First, there was the controversy of military operation in Karachi in 1992, when the head of PML-N Nawaz Sharif was the prime minister. The Muttahida Qaumi Movement (MQM) accused Nawaz Sharif for his alleged involvement in the cleanup operation, which left hundreds of MQM workers dead. Adding fuel to fire, the chief of Musharraf created Pakistan Muslim League Quaid-i-Azam (PML-Q) Chaudary Shujat Hussain, who was interior minister in Nawaz’s kitchen cabinet in 1992, disclosed how around 60 workers of MQM were brought from Karachi, tortured to death and then buried in Islamabad’s Margalla Hills.
To clear allegations against its chief, the PML-N went in public saying it was the army’s doing. The Karachi story was not yet over that a list of politicians involved in getting money from the spy agency Inter-Services Intelligence (ISI) was made public by the former chief spy of the ISI Asad Durrani. The list, which reopened old wounds, included name of the former PM Nawaz Sharif.
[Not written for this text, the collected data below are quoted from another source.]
(* For any configuration $\mathcal{C}$ of $d$ doors there is a knock sequence $\pi$ such that $\mathbb{T}_{\mathcal{C}}(\pi)\le\mathbb{T}_{\mathcal{C}}(\pi')$ for every knock sequence $\pi'$.
   Context: Dependent doors model. Fix an integer $d\ge 2$ and doors $1,\dots,d$, all initially closed; once a door opens it stays open forever. A configuration $\mathcal{C}$ specifies for each door $i$ a function $\phi_i^{\mathcal{C}}$ mapping every finite nonempty sequence $(X_1,\dots,X_n)$ of subsets of $\{1,\dots,i-1\}$ to $[0,1]$: $\phi_i^{\mathcal{C}}(X_1,\dots,X_n)$ is the probability that door $i$ has opened during $n$ knocks on it, where $X_j$ is the set of open doors among $\{1,\dots,i-1\}$ at the time of the $j$-th knock on door $i$ (so a closed door $i$ opens at its $n$-th knock with conditional probability $(\phi_i(X_1..X_n)-\phi_i(X_1..X_{n-1}))/(1-\phi_i(X_1..X_{n-1}))$, with $\phi_i$ of the empty sequence equal to $0$). Configurations are assumed monotone ($\phi_i(X')\le\phi_i(X)$ whenever $X'$ is a, not necessarily consecutive, subsequence of $X$) and positively correlated ($\phi_i(X'_1,\dots,X'_n)\le\phi_i(X_1,\dots,X_n)$ whenever $X'_j\subseteq X_j$ for all $j$). The fundamental distribution of door $i$ is $p_i(n)=1-\phi_i(\{1,\dots,i-1\}^n)$ ($p_i(0)=1$), and $E_i=\sum_{n\ge0}p_i(n)$ is assumed finite. A knock sequence $\pi$ is an infinite sequence of door indices, executed in order without any feedback; $\mathbb{T}_{\mathcal{C}}(\pi)$ is the expected number of knocks until all $d$ doors are open. *)

From HB Require Import structures.
From mathcomp Require Import all_boot all_order all_algebra.
From mathcomp Require Import reals ereal sequences.
Set Implicit Arguments. Unset Strict Implicit. Unset Printing Implicit Defensive.
Import Order.TTheory GRing.Theory Num.Theory.
Local Open Scope ring_scope.

(* Doors are 'I_d (door k of the paper is the ordinal k-1).
   A configuration is phi : forall i : 'I_d, seq {set 'I_d} -> R, where
   phi i [:: X_1; ...; X_n] is the probability that door i has opened
   during n knocks on it, X_j being the set of open doors among the
   predecessors of i at the j-th knock. *)

Section Doors.
Variables (R : realType) (d : nat).

Definition preds (i : 'I_d) : {set 'I_d} := [set j : 'I_d | (j < i)%N].

Definition valid_hist (i : 'I_d) (s : seq {set 'I_d}) : bool :=
  all (fun X : {set 'I_d} => X \subset preds i) s.

Variable phi : forall i : 'I_d, seq {set 'I_d} -> R.

Definition phi0 (i : 'I_d) (s : seq {set 'I_d}) : R :=
  if s is [::] then 0 else phi i s.

Definition phi_range : Prop :=
  forall i s, valid_hist i s -> s != [::] -> 0 <= phi i s <= 1.

Definition phi_monotone : Prop :=
  forall i s s', valid_hist i s -> subseq s' s -> phi0 i s' <= phi0 i s.

Definition phi_poscorr : Prop :=
  forall i s s', valid_hist i s ->
    all2 (fun X' X : {set 'I_d} => X' \subset X) s' s -> phi0 i s' <= phi0 i s.

Definition fund (i : 'I_d) (n : nat) : R := 1 - phi0 i (nseq n (preds i)).

Definition fund_finite : Prop :=
  forall i : 'I_d, (\sum_(0 <= n <oo) (fund i n)%:E < +oo)%E.

Definition is_configuration : Prop :=
  [/\ phi_range, phi_monotone, phi_poscorr & fund_finite].

Definition knock_seq := nat -> 'I_d.

(* Transition probability of the k-th knock (k = size past - 1, door pi k),
   given the states past = [:: S_0; ...; S_k] (S_m = set of open doors just
   before knock m), to the next state S'.  If door i = pi k is already open
   nothing changes; otherwise, with hist = (X_1,...,X_n) the sets of open
   predecessors of i at all knocks on i so far (including this one), door i
   opens with conditional probability
   (phi(X_1..X_n) - phi(X_1..X_{n-1})) / (1 - phi(X_1..X_{n-1})).
   (When the denominator is 0 the state has probability 0 anyway.) *)
Definition stepP (pi : knock_seq) (past : seq {set 'I_d}) (S' : {set 'I_d}) : R :=
  let k := (size past).-1 in
  let i := pi k in
  let Sk := last set0 past in
  let hist := [seq nth set0 past m :&: preds i |
               m <- [seq m <- iota 0 (size past) | pi m == i]] in
  let prev := take (size hist).-1 hist in
  let q := (phi0 i hist - phi0 i prev) / (1 - phi0 i prev) in
  if i \in Sk then (if S' == Sk then 1 else 0)
  else if S' == i |: Sk then q
  else if S' == Sk then 1 - q
  else 0.

(* probability of the trajectory S_1, ..., S_t (with S_0 = set0) *)
Definition trajP (pi : knock_seq) (s : seq {set 'I_d}) : R :=
  \prod_(k < size s) stepP pi (take k.+1 (set0 :: s)) (nth set0 s k).

Definition notAllOpen (pi : knock_seq) (t : nat) : R :=
  \sum_(s : t.-tuple {set 'I_d} | last set0 s != [set: 'I_d]) trajP pi s.

(* expected number of knocks until all doors are open:
   E[tau] = sum_{t >= 0} P(tau > t), in the extended reals *)
Definition expT (pi : knock_seq) : \bar R :=
  (\sum_(0 <= t <oo) (notAllOpen pi t)%:E)%E.

End Doors.

(* The expected time is a series of nonnegative terms whose t-th term only
   depends on the first t knocks. Choose the knocks greedily, each time taking
   a door for which the infimum of the cost over all sequences extending the
   prefix chosen so far does not increase; a minimizing door exists because
   there are finitely many doors. That infimum then stays below the global
   infimum, and it bounds every partial sum of the greedy sequence, hence
   also the whole series. *)
From HB Require Import structures.
From mathcomp Require Import all_boot all_order all_algebra.
From mathcomp Require Import reals ereal sequences.
From mathcomp Require Import classical_sets.
Set Implicit Arguments. Unset Strict Implicit. Unset Printing Implicit Defensive.
Import Order.TTheory GRing.Theory Num.Theory.
Local Open Scope ring_scope.

Definition agree_upto (T : Type) (n : nat) (f g : nat -> T) : Prop :=
  forall m, (m < n)%N -> f m = g m.

Definition set_at (T : Type) (f : nat -> T) (n : nat) (x : T) : nat -> T :=
  fun m => if m == n then x else f m.

Lemma agree_upto_set_at (T : Type) (n : nat) (f g : nat -> T) :
  agree_upto n f g -> agree_upto n.+1 (set_at f n (g n)) g.
Proof.
move=> fg m; rewrite ltnS leq_eqVlt /set_at.
by case: eqVneq => [-> //|_ /= ltmn]; exact: fg.
Qed.

Section OptimalSequence.
Local Open Scope ereal_scope.
Local Open Scope classical_set_scope.
Variables (R : realType) (T : finType) (x0 : T) (c : (nat -> T) -> nat -> R).
Hypothesis c_ge0 : forall f t, (0 <= c f t)%R.
Hypothesis c_local : forall f g t, agree_upto t f g -> c f t = c g t.

Let cost (f : nat -> T) : \bar R := \sum_(0 <= t <oo) (c f t)%:E.

Definition prefix_inf (n : nat) (f : nat -> T) : \bar R :=
  ereal_inf [set cost g | g in agree_upto n f].

Definition best_next (f : nat -> T) (n : nat) : T :=
  Order.arg_min x0 xpredT (fun x => prefix_inf n.+1 (set_at f n x)).

Fixpoint greedy_prefix (n : nat) : nat -> T :=
  if n is n'.+1 then set_at (greedy_prefix n') n' (best_next (greedy_prefix n') n')
  else fun=> x0.

Definition greedy (m : nat) : T := greedy_prefix m.+1 m.

Lemma prefix_inf_best_next n f :
  prefix_inf n.+1 (set_at f n (best_next f n)) <= prefix_inf n f.
Proof.
apply: le_ereal_inf_tmp => _ [g fg <-].
apply: (@le_trans _ _ (prefix_inf n.+1 (set_at f n (g n)))).
  by rewrite /best_next; case: arg_minP => //= x _; apply.
by apply: ereal_inf_lbound; exists g => //; exact: agree_upto_set_at.
Qed.

Lemma prefix_inf_greedy n :
  prefix_inf n (greedy_prefix n) <= ereal_inf (range cost).
Proof.
elim: n => [|n IH]; last exact: le_trans (prefix_inf_best_next _ _) IH.
by apply: ereal_inf_le_tmp => _ [g _ <-]; exists g.
Qed.

Lemma greedy_agree n : agree_upto n greedy (greedy_prefix n).
Proof.
elim: n => [//|n IH] m; rewrite ltnS leq_eqVlt /= /set_at.
by case: eqVneq => [-> _|_ /= ltmn]; [rewrite /greedy /= /set_at eqxx | exact: IH].
Qed.

Lemma partial_sum_local n f g : agree_upto n f g ->
  \sum_(0 <= t < n) (c f t)%:E = \sum_(0 <= t < n) (c g t)%:E.
Proof.
move=> fg; apply: eq_big_nat => t /andP[_ ltn]; congr (_%:E).
by apply: c_local => m ltmt; exact/fg/(ltn_trans ltmt).
Qed.

Lemma partial_sum_le_prefix_inf n f :
  \sum_(0 <= t < n) (c f t)%:E <= prefix_inf n f.
Proof.
apply: le_ereal_inf_tmp => _ [g fg <-]; rewrite (partial_sum_local fg).
by apply: nneseries_lim_ge => t _ _; rewrite lee_fin.
Qed.

Lemma series_argmin_exists : exists f, forall g, cost f <= cost g.
Proof.
exists greedy => g.
apply: (@le_trans _ _ (ereal_inf (range cost))); last first.
  by apply: ereal_inf_lbound; exists g.
have c_greedy_ge0 t : (0 <= t)%N -> xpredT t -> 0 <= (c greedy t)%:E.
  by move=> _ _; rewrite lee_fin.
rewrite /cost; have /cvg_lim -> // :=
  ereal_nondecreasing_cvgn (ereal_nondecreasing_series c_greedy_ge0).
apply: ge_ereal_sup => _ [n _ <-].
rewrite big_mkcond /= (partial_sum_local (@greedy_agree n)).
exact: le_trans (partial_sum_le_prefix_inf _ _) (prefix_inf_greedy n).
Qed.

End OptimalSequence.

Lemma cond_prob_bounds (R : realFieldType) (a b : R) :
  a <= b -> b <= 1 -> 0 <= (b - a) / (1 - a) <= 1.
Proof.
move=> le_ab le_b1; have [->|nz] := eqVneq (1 - a) 0.
  by rewrite invr0 mulr0 lexx ler01.
have pos : 0 < 1 - a by rewrite lt0r nz subr_ge0 (le_trans le_ab le_b1).
rewrite divr_ge0 ?(ltW pos) ?subr_ge0 //=.
by rewrite ler_pdivrMr // mul1r lerD2r.
Qed.

Section Doors.
Variables (R : realType) (d : nat) (phi : forall i : 'I_d, seq {set 'I_d} -> R).

Lemma stepP_ge0 pi past S' :
  phi_range phi -> phi_monotone phi -> 0 <= stepP phi pi past S'.
Proof.
move=> hr hm; rewrite /stepP.
set i := pi _; set hist := map _ _.
have vh : valid_hist i hist by apply/allP => X /mapP [m _ ->]; rewrite subsetIr.
have le_hist1 : phi0 phi i hist <= 1.
  move: vh; rewrite /phi0; case: hist => [|X s] // vh.
  by case/andP: (hr i _ vh isT).
set prev := take _ hist.
have le_prev : phi0 phi i prev <= phi0 phi i hist.
  by apply: hm => //; exact: take_subseq.
have /andP[q_ge0 q_le1] := cond_prob_bounds le_prev le_hist1.
by repeat case: ifP => //; rewrite subr_ge0.
Qed.

Lemma notAllOpen_ge0 pi t :
  phi_range phi -> phi_monotone phi -> 0 <= notAllOpen phi pi t.
Proof.
by move=> hr hm; apply: sumr_ge0 => s _; apply: prodr_ge0 => k _; exact: stepP_ge0.
Qed.

Lemma stepP_local (pi pi' : knock_seq d) past S' :
  (0 < size past)%N -> agree_upto (size past) pi pi' ->
  stepP phi pi past S' = stepP phi pi' past S'.
Proof.
move=> past_gt0 pipi'; rewrite /stepP.
have -> : pi (size past).-1 = pi' (size past).-1 by apply: pipi'; rewrite prednK.
have -> // : [seq m <- iota 0 (size past) | pi m == pi' (size past).-1]
  = [seq m <- iota 0 (size past) | pi' m == pi' (size past).-1].
by apply: eq_in_filter => m; rewrite mem_iota add0n => /andP[_ /pipi' ->].
Qed.

Lemma notAllOpen_local (pi pi' : knock_seq d) t :
  agree_upto t pi pi' -> notAllOpen phi pi t = notAllOpen phi pi' t.
Proof.
move=> pipi'; apply: eq_bigr => s _; apply: eq_bigr => k _.
have ltkt : (k < t)%N by rewrite -{2}(size_tuple s).
have le_k_size : (k <= size s)%N := ltnW (ltn_ord k).
apply: stepP_local; rewrite size_takel //= => m ltmk.
exact/pipi'/(leq_trans ltmk).
Qed.

End Doors.

Theorem mainTheorem8 (R : realType) (d : nat) (hd : (2 <= d)%N)
  (phi : forall i : 'I_d, seq {set 'I_d} -> R) :
  is_configuration phi ->
  exists pi : knock_seq d,
    forall pi' : knock_seq d, (expT phi pi <= expT phi pi')%E.
Proof.
case=> hr hm _ _.
have door0 : 'I_d := Ordinal (ltnW hd).
apply: (series_argmin_exists door0 (c := notAllOpen phi)).
- by move=> pi t; exact: notAllOpen_ge0.
- by move=> pi pi' t; exact: notAllOpen_local.
Qed.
The starting point of the ongoing controversies was the Supreme Court (SC) decision of July 31 which declared the imposition of emergency by the former military ruler Pervez Musharraf on November 3, 2007 illegal and left it for parliament to decide the fate of Musharraf.
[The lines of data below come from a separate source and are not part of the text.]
(* Membership in the class A_c for arrays of size n, where "described by
   O(n^c) bits" is made explicit as: at most C * n^c bits in the fixed
   description scheme dec. *)
Definition in_Ac (c C : R) (dec : nat -> list bool -> stree) (n : nat)
    (A : bucket_alg) : Prop :=
  (forall k, (1 <= k)%nat -> (k < n)%nat -> ba_bound A k < ba_bound A (S k)) /\
  length (ba_codes A) = n /\
  (forall i, (i < n)%nat ->
     INR (length (nth i (ba_codes A) [])) <= C * Rpower (INR n) c /\
     stree_ok n (dec n (nth i (ba_codes A) []))).

Definition cost_class (c C : R) (dec : nat -> list bool -> stree) (n : nat)
    (h : list R -> R) : Prop :=
  exists A, in_Ac c C dec n A /\ forall x, h x = INR (cost dec n A x).

(* The cost of an algorithm of A_c on arrays drawn from a finite sample of reals
   depends only on its bit strings and on the rank of each boundary b_k within the
   sample: a comparison x <= b_k with x in the sample has the same outcome for all
   boundaries of equal rank.  For m shattered arrays of length n the sample has
   mn + 1 elements, so there are at most 2^((L+1)n) (mn+2)^(n+1) behaviours, with
   L ~ C n^c bounding the description length, while shattering needs 2^m of them.
   Taking logarithms and using ln n <= n^c / c yields m = O(n^(1+c)). *)

From Stdlib Require Import Reals List Arith Lia Lra ZArith.
From Stdlib Require Import IndefiniteDescription.
Import ListNotations.
Open Scope R_scope.

Lemma ln_le x y : 0 < x -> x <= y -> ln x <= ln y.
Proof. intros hx [hxy|<-]; [left; apply ln_increasing|]; lra. Qed.

Lemma ln_le_sub_1 y : 0 < y -> ln y <= y - 1.
Proof. intros hy. pose proof (exp_ineq1_le (ln y)) as h. rewrite exp_ln in h; lra. Qed.

Lemma ln_nonneg x : 1 <= x -> 0 <= ln x.
Proof. intros hx. rewrite <- ln_1. apply ln_le; lra. Qed.

Lemma ln_le_tangent a y : 0 < a -> 0 < y -> ln y <= ln a + y / a - 1.
Proof.
  intros ha hy. pose proof (ln_le_sub_1 (y / a) (Rdiv_lt_0_compat _ _ hy ha)) as h.
  unfold Rdiv in h. rewrite ln_mult, ln_Rinv in h by (try apply Rinv_0_lt_compat; lra).
  unfold Rdiv; lra.
Qed.

Lemma ln_le_Rpower_div c x : 0 < c -> 1 <= x -> ln x <= Rpower x c / c.
Proof.
  intros hc hx. apply Rmult_le_reg_l with c; [lra|].
  replace (c * (Rpower x c / c)) with (Rpower x c) by (field; lra).
  pose proof (ln_le_sub_1 (Rpower x c) (exp_pos _)) as h.
  rewrite ln_Rpower in h; lra.
Qed.

Lemma le_of_pow2_le (n m a : nat) : (1 <= n)%nat ->
  (2 ^ m <= 2 ^ a * (m * n + 2) ^ (n + 1))%nat ->
  INR m <= 4 * (INR a * ln 2 + 2 * INR n * ln 24 + 4 * INR n * ln (INR n)).
Proof.
  intros hn H.
  assert (hN : 1 <= INR n) by (apply (le_INR 1); lia).
  assert (l2 := ln_lt_2).
  assert (l24 : 0 <= ln 24) by (apply ln_nonneg; lra).
  assert (lN : 0 <= ln (INR n)) by (apply ln_nonneg; lra).
  assert (hA := pos_INR a).
  destruct (Nat.eq_0_gt_0_cases m) as [->|hm]; [simpl; nra|].
  assert (hM : 1 <= INR m) by (apply (le_INR 1); lia).
  apply le_INR in H. rewrite mult_INR, !pow_INR, plus_INR, mult_INR in H.
  replace (INR 2) with 2 in H by reflexivity.
  assert (Hln : INR m * ln 2 <= INR a * ln 2 + INR (n + 1) * ln (INR m * INR n + 2)).
  { rewrite <- !ln_pow, <- ln_mult by (try apply pow_lt; nra). apply ln_le; [apply pow_lt; lra | exact H]. }
  rewrite plus_INR in Hln. change (INR 1) with 1 in Hln.
  (* The tangent of ln at 24 n^2 trades ln m for m / (8n); summed over n + 1 factors this
     is at most m / 4, which m ln 2 absorbs because ln 2 > 1/2. *)
  assert (Hlog : ln (INR m * INR n + 2) <= ln 24 + 2 * ln (INR n) + INR m / (8 * INR n)).
  { eapply Rle_trans; [apply ln_le with (y := 3 * INR m * INR n); nra|].
    eapply Rle_trans; [apply ln_le_tangent with (a := 24 * INR n ^ 2); nra|].
    replace (3 * INR m * INR n / (24 * INR n ^ 2)) with (INR m / (8 * INR n)) by (field; lra).
    rewrite ln_mult, ln_pow by nra. change (INR 2) with 2. lra. }
  assert (Hpos : 0 <= INR m / (8 * INR n)) by (apply Rle_mult_inv_pos; lra).
  assert (Hsum : (INR n + 1) * ln (INR m * INR n + 2) <=
                 2 * INR n * ln 24 + 4 * INR n * ln (INR n) + INR m / 4).
  { apply Rle_trans with (2 * INR n * (ln 24 + 2 * ln (INR n) + INR m / (8 * INR n))).
    - apply Rle_trans with ((INR n + 1) * (ln 24 + 2 * ln (INR n) + INR m / (8 * INR n))).
      + apply Rmult_le_compat_l; lra.
      + apply Rmult_le_compat_r; lra.
    - apply Req_le. field. lra. }
  assert (INR m / 2 <= INR m * ln 2) by nra.
  lra.
Qed.

Definition pdim_const (c C : R) : R := 4 * ((C + 2) * ln 2 + 2 * ln 24 + 4 / c).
Prime Minister Yusuf Raza Gillani says his government will try Musharraf if the parliament passes a unanimous resolution. In other words he is saying that his government will not proceed against Musharraf or that pursuing Musharraf is out of question. His slain leader Benazir Bhutto and her spouse struck a deal with Musharraf which allowed Miss Bhutto’s return to the country. The deal was in the shape of controversial National Reconciliation Order (NRO), which provided indemnity to politicians, diplomats and other civil servants involved in corruption cases. The foot-dragging of the ruling Pakistan Peoples Party (PPP) to try Musharraf, according to political observers, is caused by the concern that it will upset the guarantors of the deal—the US, Britain, Saudi Arabia and the Pakistan’s powerful military.
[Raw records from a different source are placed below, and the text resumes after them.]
(* Let $\nu\ge1/2$ and $b,\theta>0$ be fixed. As $\delta\to0$, $$\int_{-\pi}^{\pi}a^\delta_{b,\theta}(\lambda)\,d\lambda\sim(\delta\theta)^{\frac{2\nu}{2\nu+1}}(2\pi C_\nu b)^{\frac1{2\nu+1}}\int_{-\infty}^{\infty}\big(1+|x|^{2\nu+1}\big)^{-1}dx,$$ $$\int_{-\pi}^{\pi}\big[a^\delta_{b,\theta}(\lambda)\big]^2d\lambda\sim(\delta\theta)^{\frac{2\nu}{2\nu+1}}(2\pi C_\nu b)^{\frac1{2\nu+1}}\int_{-\infty}^{\infty}\big(1+|x|^{2\nu+1}\big)^{-2}dx.$$
   Context: For $\alpha>0$, $\omega\in\mathbb R$ let $g^*_{\nu,\alpha}(\omega)=C_\nu\alpha^{2\nu}(\alpha^2+\omega^2)^{-(\nu+1/2)}$ with $C_\nu=\Gamma(\nu+\frac12)/(\sqrt\pi\,\Gamma(\nu))$. For $\delta,\theta>0$ and $\lambda\in[-\pi,\pi]$ let $g^\delta_{\nu,\theta}(\lambda)=\sum_{k\in\mathbb Z}g^*_{\nu,\delta\theta}(\lambda+2k\pi)$, and for $b>0$, $a^\delta_{b,\theta}=\dfrac{b\,g^\delta_{\nu,\theta}}{b\,g^\delta_{\nu,\theta}+(2\pi)^{-1}}$. ''$\sim$'' means the ratio tends to $1$. *)

From Stdlib Require Import Reals Lra Arith ClassicalEpsilon.
Open Scope R_scope.

(* Limit of a real sequence (0 if it does not converge; the limit is unique). *)
Definition lim_seq (u : nat -> R) : R :=
  match excluded_middle_informative (exists l, Un_cv u l) with
  | left H => proj1_sig (constructive_indefinite_description _ H)
  | right _ => 0
  end.

(* Riemann integral of f over [a,b] (0 if f is not Riemann integrable). *)
Definition Rint (f : R -> R) (a b : R) : R :=
  match excluded_middle_informative (inhabited (Riemann_integrable f a b)) with
  | left H => RiemannInt (epsilon H (fun _ => True))
  | right _ => 0
  end.

Definition improper_integral_R (f : R -> R) (l : R) : Prop :=
  forall eps, 0 < eps -> exists M, forall a b, a < - M -> M < b ->
    inhabited (Riemann_integrable f a b) /\ Rabs (Rint f a b - l) < eps.

Definition integral_R (f : R -> R) : R :=
  match excluded_middle_informative (exists l, improper_integral_R f l) with
  | left H => proj1_sig (constructive_indefinite_description _ H)
  | right _ => 0
  end.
Then there are the ones who maintain that putting the general on trial would be a waste of time and effort.
"It would be best to come out of the past and concentrate on the tasks ahead", says Ayaz Amir, a columnist and PML-N parliamentarian.
Though no one appeared on behalf of Musharraf in the apex court to defend him in the "judges case" which was related to the imposition of emergency, yet he is not without supporters to defend him in public, parliament and media on the trial issue. The more prominent among them is the former ruling PML-Q. Its chief Chaudhry Shujaat Hussain has recently said that his party will oppose moves against Musharraf. The MQM has been defending Musharraf since he removed chief justice Iftikhar Chaudary in March 2007 from his position and then onwards. The former dictator has supporters even beyond these two parties.
But the PML-N is adamant on Musharraf’s trial and challenged his emergency in the apex court. The PML-N chief demands that Musharraf should be tried under Article 6 of the constitution. Article 6 of the constitution says "anyone who abrogates or subverts the constitution is guilty of high treason. He who conspires with another to abrogate or subvert it or aids this other person’s act of abrogating or subverting it is likewise guilty of high treason."
If Musharraf is tried for declaring a state of emergency on Nov 3, 2007, so, in terms of Article 6, those who aided him too could be charged with high treason.
Putting the former military dictator and president on trial would be like opening a "Pandora box", having the potential to cause panic, confusion and chaos. To avoid any derailment of the system, the Supreme Court, which emerged more powerful after the successful lawyers movement holds the key. Musharraf’s imposition of emergency, which has been challenged by the PML-N in the Supreme Court will be the focal of attention in days and weeks to come.